The first year was easy! There weren’t very many charities and service groups asking for funding, and we had had great success in our fundraising, so everybody got what they asked for, and some even more. We told the Red Cross, who had no local office, that we would double their request if they opened a Winnemucca office, and they did it in two weeks!

We still had money left over and somebody mentioned a group of local ministers who put a fund together for travelers who came to the churches on the main highway through town to ask for help when they broke down or ran out of money on their way through town. The churches on Main Street got all the hits, and the churches out in the residential areas didn’t get hit that often, so they had arranged to share the load between them with an informal sharing pool.

We offered them help getting their credentials as a 501 (c) (3) charity and then helped fund them.

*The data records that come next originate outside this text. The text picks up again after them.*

(* Let $\mathcal{Y}=\{y_1,\dots,y_{n+1}\}\subset\mathbb{R}^n$ be affinely independent and $y_0\in\mathbb{R}^n$, with notation as in the context. Then the $(|\mathcal{I}_-|-1)\times(|\mathcal{I}_-|-1)$ matrix $Y_-P_-$ is invertible (when $|\mathcal{I}_-|=1$ this is the empty matrix, regarded as invertible).
   Context: The barycentric coordinates of $y_0$ w.r.t. $\mathcal{Y}$ are the unique reals $\ell_1,\dots,\ell_{n+1}$ with $\sum_{i=1}^{n+1}\ell_i=1$, $\sum_{i=1}^{n+1}\ell_iy_i=y_0$; set $\ell_0=-1$. The points are ordered so that $\ell_1\ge\ell_2\ge\cdots\ge\ell_{n+1}$. Let $\mathcal{I}_+=\{i\in\{0,\dots,n+1\}:\ell_i>0\}=\{1,\dots,|\mathcal{I}_+|\}$ and $\mathcal{I}_-=\{i\in\{0,\dots,n+1\}:\ell_i<0\}=\{0\}\cup\{n+3-|\mathcal{I}_-|,\dots,n+1\}$. Let $G=\sum_{i=0}^{n+1}\ell_iy_iy_i^T$. Let $Y\in\mathbb{R}^{(n+1)\times n}$ have $i$th row $(y_i-y_0)^T$; then $G=Y^T\operatorname{diag}(\ell_1,\dots,\ell_{n+1})Y$. Let $Y_-$ be the submatrix of $Y$ formed by its last $|\mathcal{I}_-|-1$ rows (those indexed by $\mathcal{I}_-\setminus\{0\}$). Let $P_-\in\mathbb{R}^{n\times(|\mathcal{I}_-|-1)}$ be a matrix whose columns are orthonormal eigenvectors of $G$ for its negative eigenvalues (there are $|\mathcal{I}_-|-1$ of them, counted with multiplicity). *)

From HB Require Import structures.
From mathcomp Require Import all_boot all_order all_algebra.
From mathcomp Require Export reals.
From mathcomp Require Export all_boot all_order all_algebra.
Set Implicit Arguments. Unset Strict Implicit. Unset Printing Implicit Defensive.
Import Order.TTheory GRing.Theory Num.Theory.
Local Open Scope ring_scope.

(* Affine independence of y_0..y_(m-1): the rows (1, y_i) are linearly
   independent, i.e. sum c_i y_i = 0 /\ sum c_i = 0 -> c = 0. *)
Definition affine_independent (R : fieldType) (m n : nat) (y : 'I_m -> 'rV[R]_n) :=
  row_free (\matrix_(i < m) row_mx (1 : 'rV[R]_1) (y i)).

Definition barycentric (R : fieldType) (m n : nat) (y : 'I_m -> 'rV[R]_n)
  (y0 : 'rV[R]_n) (l : 'I_m -> R) :=
  \sum_(i < m) l i = 1 /\ \sum_(i < m) l i *: y i = y0.

(* G = sum_{i=0}^{n+1} l_i y_i y_i^T with l_0 = -1 (outer products,
   written for row vectors as y^T *m y). *)
Definition Gmat (R : fieldType) (m n : nat) (y : 'I_m -> 'rV[R]_n)
  (y0 : 'rV[R]_n) (l : 'I_m -> R) : 'M[R]_n :=
  \sum_(i < m) l i *: ((y i)^T *m y i) - (y0^T *m y0).

(* Y : rows (y_i - y_0)^T, i = 1..n+1 (here indexed 0..n). *)
Definition Ymat (R : fieldType) (m n : nat) (y : 'I_m -> 'rV[R]_n)
  (y0 : 'rV[R]_n) : 'M[R]_(m, n) :=
  \matrix_(i < m) (y i - y0).

(* Y_- : the last k rows of Y. *)
Definition Yminus (R : fieldType) (m n k : nat) (y : 'I_m.+1 -> 'rV[R]_n)
  (y0 : 'rV[R]_n) : 'M[R]_(k, n) :=
  rowsub (fun i : 'I_k => (inord (m.+1 - k + i) : 'I_m.+1)) (Ymat y y0).
Arguments Yminus {R m n} k y y0.

From mathcomp Require Import ring zify.
Set Implicit Arguments.
Unset Strict Implicit.
Unset Printing Implicit Defensive.
Import Order.TTheory GRing.Theory Num.Theory.
Local Open Scope ring_scope.

(* If Y_- P u = 0, put w := P u. On one hand w^T G w = u^T diag(lambda) u
   with all lambda < 0, so w^T G w <= 0 with equality only for u = 0. On the
   other hand, the barycentric identities give
   w^T G w = sum_i l_i ((y_i - y_0) . w)^2, where every term with l_i < 0
   vanishes because y_i - y_0 is then a row of Y_-; hence w^T G w >= 0 and
   u = 0. *)

Definition qform {R : pzRingType} {n : nat} (A : 'M[R]_n) (w : 'rV[R]_n) : R :=
  (w *m A *m w^T) 0 0.

Section QuadraticForm.
Variable R : comPzRingType.

Lemma qform_outer (n : nat) (a w : 'rV[R]_n) :
  qform (a^T *m a) w = ((a *m w^T) 0 0) ^+ 2.
Proof.
rewrite /qform !mulmxA -[w *m a^T]trmxK trmx_mul trmxK -mulmxA.
by rewrite [LHS]mxE big_ord1 mxE expr2.
Qed.

Lemma qform_eigenbasis (n k : nat) (G : 'M[R]_n) (P : 'M[R]_(n, k))
    (L u : 'rV[R]_k) :
  P^T *m P = 1%:M -> G *m P = P *m diag_mx L ->
  qform G (u *m P^T) = \sum_j L 0 j * u 0 j ^+ 2.
Proof.
move=> orthoP GP; rewrite /qform trmx_mul trmxK -!mulmxA (mulmxA G) GP.
rewrite !mulmxA -(mulmxA u) orthoP mulmx1 mul_mx_diag mxE.
by apply: eq_bigr => j _; rewrite !mxE; ring.
Qed.

End QuadraticForm.

Section GramForm.
Variable R : fieldType.

Lemma qform_Gmat (m n : nat) (y : 'I_m -> 'rV[R]_n) (y0 : 'rV[R]_n)
    (l : 'I_m -> R) (w : 'rV[R]_n) :
  qform (Gmat y y0 l) w =
  \sum_i l i * ((y i *m w^T) 0 0) ^+ 2 - ((y0 *m w^T) 0 0) ^+ 2.
Proof.
rewrite /qform /Gmat mulmxBr mulmxBl mulmx_sumr mulmx_suml mxE summxE.
rewrite [X in _ + X]mxE -/(qform _ _) qform_outer; congr (_ - _).
by apply: eq_bigr => i _; rewrite -scalemxAr -scalemxAl [LHS]mxE -/(qform _ _) qform_outer.
Qed.

Lemma qform_Gmat_barycentric (m n : nat) (y : 'I_m -> 'rV[R]_n) (y0 : 'rV[R]_n)
    (l : 'I_m -> R) (w : 'rV[R]_n) :
  barycentric y y0 l ->
  qform (Gmat y y0 l) w = \sum_i l i * (((y i - y0) *m w^T) 0 0) ^+ 2.
Proof.
move=> [sum_l sum_ly]; rewrite qform_Gmat.
have sum_la : \sum_i l i * (y i *m w^T) 0 0 = (y0 *m w^T) 0 0.
  rewrite -sum_ly mulmx_suml summxE; apply: eq_bigr => i _.
  by rewrite -scalemxAl [RHS]mxE.
have sqrB (c x d : R) : c * (x - d) ^+ 2 = c * x ^+ 2 - d *+ 2 * (c * x) + d ^+ 2 * c.
  by ring.
apply: esym; under eq_bigr do rewrite mulmxBl mxE [X in _ + X]mxE sqrB.
rewrite big_split sumrB /= -!mulr_sumr sum_la sum_l.
by move: (_ *m _) => b; ring.
Qed.

End GramForm.

Lemma eigencols_neg_diag (R : numFieldType) (n k : nat) (G : 'M[R]_n)
    (P : 'M[R]_(n, k)) :
  (forall j : 'I_k, exists2 lam : R, lam < 0 & G *m col j P = lam *: col j P) ->
  exists2 L : 'rV[R]_k, (forall j, L 0 j < 0) & G *m P = P *m diag_mx L.
Proof.
move=> eig.
have /fin_all_exists[L HL] : forall j : 'I_k, exists lam : R,
    lam < 0 /\ G *m col j P = lam *: col j P.
  by move=> j; have [lam lam_neg eq_lam] := eig j; exists lam.
exists (\row_j L j) => [j | ]; first by rewrite mxE; case: (HL j).
apply/matrixP => i j; rewrite mul_mx_diag !mxE mulrC.
have /matrixP/(_ i 0) := proj2 (HL j); rewrite !mxE => <-.
by apply: eq_bigr => c _; rewrite !mxE.
Qed.

Lemma neg_weighted_sqr_ge0 (R : realDomainType) (k : nat) (L u : 'rV[R]_k) :
  (forall j, L 0 j < 0) -> 0 <= \sum_j L 0 j * u 0 j ^+ 2 -> u = 0.
Proof.
move=> L_neg sum_ge0.
have term_ge0 j : 0 <= - (L 0 j * u 0 j ^+ 2).
  by rewrite oppr_ge0 mulr_le0_ge0 ?sqr_ge0 ?ltW.
have sum_eq0 : \sum_j - (L 0 j * u 0 j ^+ 2) = 0.
  by apply/eqP; rewrite eq_le sumr_ge0 // andbT sumrN oppr_le0.
apply/rowP => j; have /eqP := @psumr_eq0P _ _ xpredT _ (fun j _ => term_ge0 j) sum_eq0 j isT.
by rewrite oppr_eq0 mulf_eq0 lt_eqF //= expf_eq0 /= mxE => /eqP.
Qed.

Lemma card_ord_geq (m : nat) (i : 'I_m) :
  #|[set j : 'I_m | (i <= j)%N]| = (m - i)%N.
Proof.
rewrite -sum1_card (eq_bigl (fun j : 'I_m => true && (i <= j)%N)) => [|j]; last by rewrite inE.
by rewrite -(@big_geq_mkord _ _ _ i m xpredT (fun=> 1%N)) sum_nat_const_nat muln1.
Qed.

Lemma nonincreasing_neg_tail (R : numDomainType) (m : nat) (l : 'I_m -> R) :
  (forall i j : 'I_m, (i <= j)%N -> l j <= l i) ->
  forall i : 'I_m, l i < 0 -> (m - #|[set j | (l j < 0)%R]| <= i)%N.
Proof.
move=> l_noninc i li_neg.
have : [set j : 'I_m | (i <= j)%N] \subset [set j | l j < 0].
  by apply/subsetP => j; rewrite !inE => /l_noninc/le_lt_trans; apply.
move/subset_leq_card; rewrite card_ord_geq.
by have := ltn_ord i; move: #|_| (nat_of_ord i) => c i'; lia.
Qed.

Lemma Yminus_tail_row (R : fieldType) (m n k : nat) (y : 'I_m.+1 -> 'rV[R]_n)
    (y0 : 'rV[R]_n) (i : 'I_m.+1) :
  (m.+1 - k <= i)%N -> exists j : 'I_k, row j (Yminus k y y0) = y i - y0.
Proof.
move=> i_tail; have j_lt : (i - (m.+1 - k) < k)%N by have := ltn_ord i; lia.
exists (Ordinal j_lt); rewrite row_rowsub rowK; congr (y _ - y0).
by apply: val_inj; rewrite /= inordK; have := ltn_ord i; lia.
Qed.

Lemma qform_Gmat_ge0_on_ker (R : realFieldType) (m n k : nat)
    (y : 'I_m.+1 -> 'rV[R]_n) (y0 : 'rV[R]_n) (l : 'I_m.+1 -> R) (w : 'rV[R]_n) :
  barycentric y y0 l ->
  (forall i, l i < 0 -> (m.+1 - k <= i)%N) ->
  Yminus k y y0 *m w^T = 0 ->
  0 <= qform (Gmat y y0 l) w.
Proof.
move=> bary neg_tail ker_w; rewrite qform_Gmat_barycentric //.
apply: sumr_ge0 => i _; have [li_neg | li_ge0] := ltP (l i) 0; last first.
  by rewrite mulr_ge0 ?sqr_ge0.
have [j row_j] := Yminus_tail_row y y0 (neg_tail i li_neg).
by rewrite -row_j -row_mul ker_w row0 mxE expr0n mulr0.
Qed.

Theorem lemma4p2 (R : realType) (n : nat) (y : 'I_n.+1 -> 'rV[R]_n)
  (y0 : 'rV[R]_n) (l : 'I_n.+1 -> R) (k : nat) (P : 'M[R]_(n, k)) :
  affine_independent y ->
  barycentric y y0 l ->
  (forall i j : 'I_n.+1, (i <= j)%N -> l j <= l i) ->
  k = #|[set i : 'I_n.+1 | l i < 0]| ->
  P^T *m P = 1%:M ->
  (forall j : 'I_k, exists2 lam : R, lam < 0 &
      Gmat y y0 l *m col j P = lam *: col j P) ->
  Yminus k y y0 *m P \in unitmx.
Proof.
move=> _ bary l_noninc k_neg orthoP eig.
have [L L_neg GP] := eigencols_neg_diag eig.
rewrite -unitmx_tr -row_free_unit; apply: inj_row_free => u.
rewrite trmx_mul mulmxA => /(congr1 trmx); rewrite trmx0 trmx_mul trmxK => ker_w.
apply: (neg_weighted_sqr_ge0 L_neg); rewrite -(qform_eigenbasis u orthoP GP).
apply: qform_Gmat_ge0_on_ker bary _ ker_w; rewrite k_neg.
exact: nonincreasing_neg_tail l_noninc.
Qed.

Worked out great for both of us.

The next year wasn’t nearly as easy, as more charities and service organizations found us, and every year thereafter we had to disappoint some people who had hoped for more. We spent long hours arguing to come to a final conclusion on where the money would go. We were all non paid volunteers.

Which brings me back to the issue at hand: If someone is listed as receiving $0 for working for a charity, can you believe that? I got no salary for my volunteering, but my company gave me time off to travel to Reno for training sessions, they arranged for my time at the plant for meetings to be paid at the regular machinist’s pay rate, and they provided a meeting room and furniture as needed for the United Way campaign rallies. So while I wasn’t paid for my United Way work, I was paid my usual wages so I didn’t lose money, either.

So I would argue that when you are comparing charities, don’t just look at the national organization--find out what is happening locally, in your immediate area. Talk to people and find out who people go to for help when they are in trouble in your particular town. It may be a church that is particularly active. It may be the local Red Cross affiliate--each one is run by a local person. I’ve known good ones and I’ve met bad ones. Check out the Salvation Army--even though it is a religious organization, they work with volunteers from other churches. I’ve seen the local SDA preacher ringing the bell by the red bucket, and my wife volunteered one bitterly cold December evening.

If you have more time than money, ask if you can volunteer. Due to the recession and the recent political hostility toward poor people, there is a severe shortage of concerned, motivated volunteers.  When you volunteer to help others, no one is helped more than you. You will receive an education that cannot be bought.

I think this one is getting a little long, so I’ll quit and continue this narrative later.